I'm currently working with a large dataset (about 500 million records).
Basically, my data structure is as follows. I have one table that is like this:
ContractID | Dimension1 | Dimension2 | Year | Loss |
1 | A | A | 1 | 2,791 |
1 | A | B | 1 | 8,489 |
1 | A | C | 1 | 7,619 |
1 | B | A | 1 | 4,370 |
1 | B | B | 1 | 6,024 |
1 | B | C | 1 | 4,551 |
2 | A | A | 1 | 3,119 |
2 | A | B | 1 | 1,828 |
2 | A | C | 1 | 6,752 |
2 | B | A | 1 | 9,462 |
2 | B | B | 1 | 2,202 |
2 | B | C | 1 | 5,117 |
The only difference is that instead of only 1 year, there are 10,000 years for each combination of dimensions.

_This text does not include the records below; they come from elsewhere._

Lemma xsection_overshoot a e s :
  xsection (overshoot a e) s = if s <= a then [set y | e < s + y] else set0.
Proof.
apply/seteqP; split => y; rewrite /xsection /= inE /=; case: ifP => sa //=.
- by case.
- by case=> /= sa'; rewrite sa' in sa.
Qed.

(* Disintegrate along the first coordinate and compare the [x]-sections. *)
Lemma product_overshoot_le (mu : {measure set R -> \bar R})
    (nu : {sigma_finite_measure set R -> \bar R}) (a e c rho : R) :
  0 <= rho ->
  (forall s, s <= a ->
    (nu [set y | (e + c < s + y)%R] <= rho%:E * nu [set y | (e < s + y)%R])%E) ->
  ((mu \x nu) (overshoot a (e + c)) <= rho%:E * (mu \x nu) (overshoot a e))%E.
Proof.
move=> rho0 sectionP; rewrite /product_measure1 /= -ge0_integralZl //; last first.
  exact: measurable_fun_xsection (measurable_overshoot a e).
apply: ge0_le_integral => //.
- exact: measurable_fun_xsection (measurable_overshoot a (e + c)).
- by apply: measurable_funeM; exact: measurable_fun_xsection (measurable_overshoot a e).
move=> s _; rewrite !xsection_overshoot; case: ifP => sa; first exact: sectionP.
by rewrite !measure0 mule0.
Qed.

End overshoot.

Section hazard_tails.
Context {R : realType} {d : measure_display} {T : measurableType d}.
Context {P : probability T R}.
Context {X : nat -> {RV P >-> R}} {h : R -> R} {u0 : R}.
Hypothesis hcont : {within `[0, +oo[, continuous h}.
Hypothesis hinc : forall x y, 0 <= x -> x < y -> h x < h y.
Hypothesis u0_ge0 : 0 <= u0.
Hypothesis Xind : mutually_independent X.
Hypothesis Xid : identically_distributed X.
Hypothesis Xtail : forall u, u0 < u ->
  P [set w | u < X 0%N w] = (expR (- Rintegral lebesgue_measure `[0, u] h))%:E.

Lemma X_gtE n t : [set w | t < X n w] = X n @^-1` `]t, +oo[.
Proof. by apply/seteqP; split => w /=; rewrite in_itv /= andbT. Qed.

Lemma measurable_X_gt n t : measurable [set w | t < X n w].
Proof. by rewrite X_gtE; exact: measurable_funPTI. Qed.

Lemma prob_X_gt n t : P [set w | t < X n w] = P [set w | t < X 0%N w].
Proof. by rewrite !X_gtE Xid //; exact: measurable_itv. Qed.

(* Beyond [u0] the tail is an exponential, hence never vanishes. *)
Lemma prob_X_gt_pos t : 0 < prob P [set w | t < X 0%N w].
Proof.
pose t' := Num.max t u0 + 1.
have t'_gt : t < t' /\ u0 < t'.
  by split; rewrite /t' ltr_pwDr ?ltr01 // le_max lexx ?orbT.
pose A e := [set w | e < X 0%N w].
have : (P (A t') <= P (A t))%E.
  apply: le_measure; rewrite ?inE; [exact: measurable_X_gt..|].
  by move=> w /=; case: t'_gt => tt' _; exact: lt_trans.
rewrite /A Xtail; last by case: t'_gt.
move/fine_le => /(_ isT (fin_num_measure _ _ (measurable_X_gt _ _))) /=.
exact/lt_le_trans/expR_gt0.
Qed.

Lemma law_X_tail n e s : u0 < e - s ->
  distribution P (X n) [set y | e < s + y] =
  (expR (- Rintegral lebesgue_measure `[0, e - s] h))%:E.
Proof.
move=> es; rewrite /distribution /pushforward -Xtail // -(prob_X_gt n).
by congr (P _); apply/seteqP; split => w /=; rewrite ltrBlDl.
Qed.

Lemma law_X_overshoot_le n u p c s : u0 < p -> 0 <= c -> s <= u - p ->
  (distribution P (X n) [set y | (u + c < s + y)%R] <=
   (expR (- (c * h p)))%:E * distribution P (X n) [set y | (u < s + y)%R])%E.
Proof.
move=> u0p c0 sup; rewrite !law_X_tail; [|lra..].
rewrite -EFinM lee_fin -expRD ler_expR.
have p0 : 0 <= p by exact: le_trans u0_ge0 (ltW u0p).
have pus : p <= u - s by lra.
have hp := hazard_le hinc p0 pus.
have us0 : 0 <= u - s by lra.
have := hazard_integral_shift hcont hinc us0 c0.
rewrite (_ : u - s + c = u + c - s); last by rewrite addrAC.
have : c * h p <= c * h (u - s) by exact: ler_wpM2l.
lra.
Qed.

Lemma prob_overshoot_le n u p c : u0 < p -> 0 <= c ->
  prob P [set w | psum X n w <= u - p /\ u + c < psum X n.+1 w] <=
  expR (- (c * h p)) * prob P [set w | psum X n w <= u - p /\ u < psum X n.+1 w].
Proof.
move=> u0p c0.
pose E e := [set w | psum X n w <= u - p /\ e < psum X n.+1 w].
have eventE e : E e = (fun w => (psum X n w, X n w)) @^-1` overshoot (u - p) e.
  by apply/seteqP; split => w; rewrite /E /= psumS.
have mE e : measurable (E e).
  rewrite eventE.
  exact: (measurable_funPTI (psum_next_mfun X n) (measurable_overshoot _ _)).
have : (P (E (u + c)%R) <= (expR (- (c * h p)))%:E * P (E u))%E.
  rewrite !eventE !(joint_law_psum_next X Xind); try exact: measurable_overshoot.
  apply: product_overshoot_le; first exact: expR_ge0.
  by move=> s sa; apply: law_X_overshoot_le.
move/fine_le; rewrite fineM ?fin_numM ?fin_num_measure //; exact.
Qed.

Lemma prob_psum_lower n a u t :
  prob P [set w | psum X n w <= a /\ u < psum X n.+1 w] *
    prob P [set w | t < X 0%N w] <=
  prob P [set w | u + t < psum X n.+2 w].
Proof.
set E := [set w | psum X n w <= a /\ u < psum X n.+1 w].
have EE : E = psum X n @^-1` `]-oo, a] `&` psum X n.+1 @^-1` `]u, +oo[.
  by apply/seteqP; split => w /=; rewrite !in_itv /= ?andbT.
have E_prefix : <<s prefix_cylinders X n.+1 >> E.
  rewrite EE; apply: (@measurableI _ (g_sigma_algebraType (prefix_cylinders X n.+1)));
    by apply: prefix_sigma_psum_preimage; rewrite ?leqnSn.
have mE : measurable E.
  by rewrite EE; apply: measurableI; exact: measurable_psum_preimage.
set F := [set w | t < X 0%N w].
have mF : measurable F by exact: measurable_X_gt.
set G := [set w | u + t < psum X n.+2 w].
have mG : measurable G.
  have -> : G = psum X n.+2 @^-1` `]u + t, +oo[.
    by apply/seteqP; split => w /=; rewrite in_itv /= andbT.
  exact: measurable_psum_preimage.
have : (P E * P F <= P G)%E.
  rewrite /F -(prob_X_gt n.+1) X_gtE.
  rewrite -(indep_prefix_sigma X Xind (leqnn n.+1) (measurable_itv _) E_prefix).
  apply: le_measure; rewrite ?inE //.
    by apply: measurableI => //; exact: measurable_funPTI.
  move=> w [[/= Sa Su]]; rewrite in_itv /= andbT => Xt.
  by rewrite /G /= psumS; lra.
by move/fine_le; rewrite fineM ?fin_numM ?fin_num_measure //; exact.
Qed.

End hazard_tails.

Lemma poisson_weight_ratio (R : realFieldType) (lam : R) k : 0 < lam ->
  (lam ^+ k / k`!%:R) / (lam ^+ k.+1 / k.+1`!%:R) = k.+1%:R / lam.
Proof.
move=> lam_gt0; rewrite factS natrM exprS.
have fact_gt0R : 0 < k`!%:R :> R by rewrite ltr0n fact_gt0.
field; rewrite !lt0r_neq0 ?exprn_gt0 //.
Qed.

Section logarithmic_level.
Context {R : realType}.

Lemma ln_le_quarter {x : R} : 100 <= x -> ln x <= x / 4.
Proof.
move=> x100; have -> : x = 16 * (x / 16) by field.
rewrite lnM ?posrE; try lra.
have := @ln_sublinear R 16 ltac:(lra).
have := @ln_sublinear R (x / 16) ltac:(lra).
lra.
Qed.

Lemma half_le_log_weight {x : R} : 100 <= x -> 1 / 2 <= Num.max (1 - 2 * ln x / x) 0.
Proof.
move=> x100; rewrite le_max; apply/orP; left.
have : 2 * ln x / x <= 1 / 2 by rewrite ler_pdivrMr; have := ln_le_quarter x100; lra.
lra.
Qed.

Lemma expR_log_weight_sq {a x : R} : 1 / 2 <= a -> 1 <= x ->
  expR (- (4 * a * ln x)) * x ^+ 2 <= 1.
Proof.
move=> a_ge x_ge1; have ln_ge0 : 0 <= ln x by exact: ln_ge0.
rewrite -[x in x ^+ 2]lnK ?posrE; last by lra.
rewrite -expRM_natl -expRD expR_le1; nra.
Qed.

End logarithmic_level.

I need to rank the losses by year and pull out certain ranks. I also need to allow filters to be applied on the dimensions and recalculate the ranks. I need the end result to look like this (2 charts below):
ContractID | Rank1 | Rank10 | Rank100 | Rank250 |
1 | 10,000 | 8,000 | 6,000 | 4,000 |
2 | 15,000 | 12,000 | 5,000 | 100 |
3 | 13,000 | 9,000 | 7,500 | 5,000 |
| Rank1 | Rank10 | Rank100 | Rank250 |
Total | 15,000 | 12,000 | 11,000 | 10,000 |
Currently, I’m using different expressions for each Rank column, that look something like this (for the total chart):
sum(aggr(if(rank(sum(Loss),4)=[Insert appropriate rank here],sum(Loss)),Year))
I expand the aggr for other dimensions if I want it split out, and add those as dimensions in my chart, obviously.
I know that using aggr functions and rank functions are not the best way to go with this. Any ideas on a better way to do it?